My question is, is this possible? I understand an electro-magnetic pulse could disable existing electronics, but newly-manufactured ones would work fine. Is there some technology or device that could theoretically disable so many varied pieces of technology?

10
  • 2
    Waaaait a minute, Revolution doesn't start for nearly 2 more weeks. Is this the earliest we've ever had a question?
    – Izkata
    Sep 5, 2012 at 2:50
  • 10
    Also, since this is an "is this possible with reallife physics" question, I have the feeling it might go better on physics.SE?
    – Izkata
    Sep 5, 2012 at 2:51
  • 1
    @Izkata Hulu.com is showing many show pilots weeks before the air. (for USians, at least)
    – user1027
    Sep 5, 2012 at 2:58
  • 6
    WAY more data needed to answer that question in a SciFi environment. For instance, a minor Grey Goo scenario could do it, if it targeted copper and a few other metals. Or there's "The Men Return" by Jack Vance, where earth moves into a pocket of Non-Causality. Or, Jack Chalker's 'Well World' controls might have changed the setting for Earth to Non-Tech. Or any number of SciFi causes.. If you are looking for current RL possibilities, I've got to agree -- migrate to Physics.SE.
    – K-H-W
    Sep 5, 2012 at 3:20
  • 4
    If you're willing to accept philosophical arguments, then I think it makes the most sense to assume the Revolution denizens are living inside an ancestor simulation. The post-humans want to see how humanity would evolve without a technological singularity, so they pulled the plug so to speak, to prevent a singularity from occurring within their simulation. Since reality for the Revolution denizens is a simulation, local physics is arbitrary and subject to change according to the whims of those running the simulation.
    – Kyle Jones
    Dec 3, 2012 at 22:26

6 Answers 6

17

No. There is no known physical technology currently capable of suppressing an electromagnetic field across the entire planet without suppressing the planet's protective magnetosphere. The operative word in this case is KNOWN technologies or electromagnetic phenomena.

Revolution Earth presupposes all forms of stored energy are impossible. Mechanical energy appears to be the law of the land. Water mills, wind mills may still work for mechanical efforts, but they do not generate electricity.

There is currently nothing currently known in science that can suppress:

  • Chemical energy: the ability to convert chemical energy to electrical energy for example does not happen on Revolution Earth. Technologies like chemical batteries do not work at all.
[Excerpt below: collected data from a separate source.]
(* Let $C>0$, and let $Q_1,\dots,Q_m,\widehat Q_1,\dots,\widehat Q_m$ be probability distributions on $\mathbb{R}^d$ all supported in $\{x:\|x\|_2\le C\}$. Let $\pi,\widehat\pi$ be probability vectors on $[m]$ and set $Q=\sum_i\pi_iQ_i$, $\widehat Q=\sum_i\widehat\pi_i\widehat Q_i$. Suppose $\mathrm{TV}(\widehat\pi,\pi)\le\alpha$ and $\mathcal W_2(\widehat Q_i,Q_i)\le\epsilon$ for all $i\in[m]$. Then $$\mathcal W_2(\widehat Q,Q)\le\epsilon+2C\sqrt\alpha.$$
   Context: $\mathrm{TV}(\widehat\pi,\pi)=\frac12\sum_i|\widehat\pi_i-\pi_i|$; $\mathcal W_2$ is the Wasserstein-2 distance with Euclidean cost. *)

From HB Require Import structures.
From mathcomp Require Import all_boot all_order all_algebra.
From mathcomp Require Import all_classical all_reals all_analysis.
Set Implicit Arguments. Unset Strict Implicit. Unset Printing Implicit Defensive.
Import Order.TTheory GRing.Theory Num.Theory.
Local Open Scope classical_set_scope.
Local Open Scope ring_scope.

(* R^d is modelled as d.-tuple R with the product (= Borel) sigma-algebra
   provided by MathComp-Analysis (measure_tuple_display). *)

Section defs.
Context {R : realType} {d : nat}.

Definition sqdist (x y : d.-tuple R) : R :=
  \sum_(i < d) (tnth x i - tnth y i) ^+ 2.

Definition eucl_norm (x : d.-tuple R) : R :=
  Num.sqrt (\sum_(i < d) (tnth x i) ^+ 2).
(* Let $\mathbf d=(d_1,\ldots,d_n)$ be a graphical degree sequence and let $H_1$ and $H_2$ be two edge-disjoint graphs on $[n]$. Suppose that $\mathbf d^{H_1}\preceq \mathbf d$ and that $uv\notin H_1\cup H_2$. Then \[ \mathbb P\big(uv\in \mathcal G(n,\mathbf d)\mid H_1^+, H_2^-\big)\le \frac{(d_u-d^{H_1}_u)(d_v-d^{H_1}_v)}{M-2e(H_1)}\cdot f(\mathbf d,H_1,H_2), \] \[ \mathbb P\big(uv\in \mathcal G(n,\mathbf d)\mid H_1^+, H_2^-\big)\ge \frac{(d_u-d^{H_1}_u)(d_v-d^{H_1}_v)}{M-2e(H_1)}\cdot g(\mathbf d,H_1,H_2), \] where \[ f(\mathbf d,H_1,H_2)=\left(1-\frac{3J(\mathbf d)+\Delta(8+d_u^{H_2}+d_v^{H_2})}{M-2e(H_1)}-\frac{2e(H_2)\Delta^2}{(M-2e(H_1))^2}+\frac{(d_v-d_v^{H_1})(d_u-d_u^{H_1})}{M-2e(H_1)}\right)^{-1}, \] \[ g(\mathbf d,H_1,H_2)=\left(1- \frac{2J(\mathbf d)+6\Delta+2\Delta(H_2)\Delta}{M-2e(H_1)} \right)\left(1+ \frac{(d_v-d_v^{H_1})(d_u-d_u^{H_1})}{M-2e(H_1)} \right)^{-1}. \]
   Context: For a sequence $\mathbf d=(d_1,\ldots,d_n)$ of nonnegative integers, $\mathcal G(n,\mathbf d)$ denotes a uniformly random simple graph on vertex set $[n]$ in which vertex $i$ has degree $d_i$ for every $i$; $\mathbf d$ is graphical if at least one such graph exists. $\Delta=\max_i d_i$, $M=\sum_{i=1}^n d_i$, and $J(\mathbf d)$ is the sum of the $\Delta$ largest entries of $\mathbf d$ (i.e. if $d_1\ge d_2\ge\cdots\ge d_n$, then $J(\mathbf d)=\sum_{i=1}^{\Delta}d_i$). For a graph $H$ on $[n]$, $e(H)$ is its number of edges, $\Delta(H)$ its maximum degree, and $d^H_i$ the degree of vertex $i$ in $H$; $\mathbf d^H=(d^H_1,\dots,d^H_n)$, and $\mathbf d^H\preceq\mathbf d$ means $d^H_i\le d_i$ for all $i$. Graphs on $[n]$ are identified with their edge sets; two such graphs are disjoint if their edge sets are disjoint. $H^+$ denotes the event $H\subseteq\mathcal G(n,\mathbf d)$, and $H^-$ denotes the event that $\mathcal G(n,\mathbf d)$ contains no edge of $H$.
   Formalization: The upper bound by the product with f(d,H₁,H₂) is asserted only when the bracket whose inverse defines f is positive. The statement above fails without it. *)

(* Graphs on [n] = 'I_n are identified with their edge sets:
   a graph is a set of 2-element subsets of 'I_n. *)
From mathcomp Require Import all_boot all_order all_algebra.
Set Implicit Arguments. Unset Strict Implicit. Unset Printing Implicit Defensive.
Import Order.TTheory GRing.Theory Num.Theory.

Section Graphs.
Variable n : nat.

Definition simple_graph (G : {set {set 'I_n}}) : bool := [forall e in G, #|e| == 2].

Definition deg (G : {set {set 'I_n}}) (i : 'I_n) : nat := #|[set e in G | i \in e]|.

Definition nedges (G : {set {set 'I_n}}) : nat := #|G|.

Definition maxdeg (G : {set {set 'I_n}}) : nat := \max_(i : 'I_n) deg G i.

Definition sumd (d : 'I_n -> nat) : nat := \sum_(i : 'I_n) d i.

Definition maxd (d : 'I_n -> nat) : nat := \max_(i : 'I_n) d i.

Definition Jd (d : 'I_n -> nat) : nat :=
  \sum_(k < maxd d) nth 0 (sort geq [seq d i | i <- enum 'I_n]) k.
  • Electrical energy: No form of electrical energy is available to the average persons of Revolution Earth. You can neither create electricity, nor convert any kind of physical effort INTO electricity. Since the primary usable energy format for the modern world is electricity, this would be a catastrophic event.

  • Nuclear energy: Since Revolution Earth implies there is no electricity at all, this implies that nuclear reactors have also stopped working. Were there catastrophic meltdowns across the planet? I don't suppose nuclear power plants work well without electricity so we will have to wait to see how the show handles this potential catastrophic event.

The most curious thing about Revolution Earth, is whatever is suppressing the ability to generate electromagnetic fields and thus electrical energy, does not appear to affect living things like humans who also generate an electrical field within our brains and nervous systems.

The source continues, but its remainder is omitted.